### LISTED RECORDS

(* Let $E$ be a free $A_n(K)$-module with basis $e_1,\dots,e_m$, let $N$ be an $A_n(K)$-submodule of $E$, and let $G=\{g_1,\dots,g_r\}$ be an $(x,\partial)$-Gröbner basis of $N$. Then: (i) for $f\in E$, $f\in N$ if and only if $f$ $(x,\partial)$-reduces to $0$ modulo $G$; (ii) if $f\in N$ and $f$ is $(x,\partial)$-reduced with respect to $G$, then $f=0$.
   Context: $K$ is a field of characteristic zero and $A_n(K)$ is the Weyl algebra: the $K$-algebra generated by $x_1,\dots,x_n,\partial_1,\dots,\partial_n$ in which all pairs of generators commute except that $\partial_ix_i=x_i\partial_i+1$. $\Theta$ denotes the set of monomials $x^\alpha\partial^\beta=x_1^{\alpha_1}\cdots x_n^{\alpha_n}\partial_1^{\beta_1}\cdots\partial_n^{\beta_n}$ ($\alpha,\beta\in\mathbf N^n$), a $K$-basis of $A_n(K)$; $ord_x(x^\alpha\partial^\beta)=|\alpha|$, $ord_\partial(x^\alpha\partial^\beta)=|\beta|$. For $\theta=x^\alpha\partial^\beta$, $\theta'=x^\gamma\partial^\delta$: $\theta\mid\theta'$ if $\alpha\le\gamma$ and $\beta\le\delta$ componentwise, and then $\theta'/\theta:=x^{\gamma-\alpha}\partial^{\delta-\beta}$. Terms are the elements $\theta e_i$ ($\theta\in\Theta$); they form a $K$-basis of $E$, and each nonzero $f$ is uniquely a combination of distinct terms with nonzero coefficients (the terms appearing in $f$). $ord_x(\theta e_i)=ord_x\theta$, $ord_\partial(\theta e_i)=ord_\partial\theta$. For $\theta=x^\alpha\partial^\beta$ and a term $w=x^\gamma\partial^\delta e_i$, $\theta w$ denotes the term $x^{\alpha+\gamma}\partial^{\beta+\delta}e_i$; for $f\in E$, $\theta f$ is the module action. $w=\theta'e_i$ is divisible by $v=\theta e_j$ ($v\mid w$) if $i=j$ and $\theta\mid\theta'$; then $w/v:=\theta'/\theta$. Orders: $x^\alpha\partial^\beta<_x x^\gamma\partial^\delta$ iff $(|\alpha|,|\beta|,\alpha,\beta)$ is lexicographically smaller than $(|\gamma|,|\delta|,\gamma,\delta)$; $x^\alpha\partial^\beta<_\partial x^\gamma\partial^\delta$ iff $(|\beta|,|\alpha|,\beta,\alpha)$ is lexicographically smaller than $(|\delta|,|\gamma|,\delta,\gamma)$. On terms, $\theta e_i<\theta'e_j$ iff $\theta<\theta'$, or $\theta=\theta'$ and $i<j$ (for either order). For nonzero $f$, $u_f$ ($x$-leader) and $v_f$ ($\partial$-leader) are the $<_x$-greatest and $<_\partial$-greatest terms appearing in $f$; $lc_x(f)$ is the coefficient of $u_f$. $f$ is $(x,\partial)$-reduced w.r.t. nonzero $g$ if $f$ contains no term $\theta u_g$ ($\theta\in\Theta$) with $ord_\partial(\theta v_g)\le ord_\partial v_f$; reduced w.r.t. a set if reduced w.r.t. each element. One-step reduction: for $g\ne0$, $f\to h$ modulo $g$ if $f$ contains a term $w$ with coefficient $a\neq0$ such that $u_g\mid w$, $ord_\partial((w/u_g)v_g)\le ord_\partial v_f$, and $h=f-a\,lc_x(g)^{-1}(w/u_g)g$. $f$ $(x,\partial)$-reduces to $h$ modulo $G$ if $h$ is obtained from $f$ by a finite sequence of such one-step reductions with elements of $G$. With $d(f)=ord_\partial v_f-ord_\partial u_f$ for $f\ne0$: a finite set $G$ of nonzero elements of $N$ is an $(x,\partial)$-Gröbner basis of $N$ if for every nonzero $f\in N$ some $g_i\in G$ satisfies $u_{g_i}\mid u_f$ and $d(g_i)\le d(f)$. *)

From HB Require Import structures.
From mathcomp Require Import all_boot all_order all_algebra.
From mathcomp Require Import finmap.
From mathcomp.multinomials Require Import monalg.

######

- _WHAT IS REQUIRED_
What is the number of lines in the material above that include the string "Import"? Give only that number.

- _RESPONSE BELOW_
4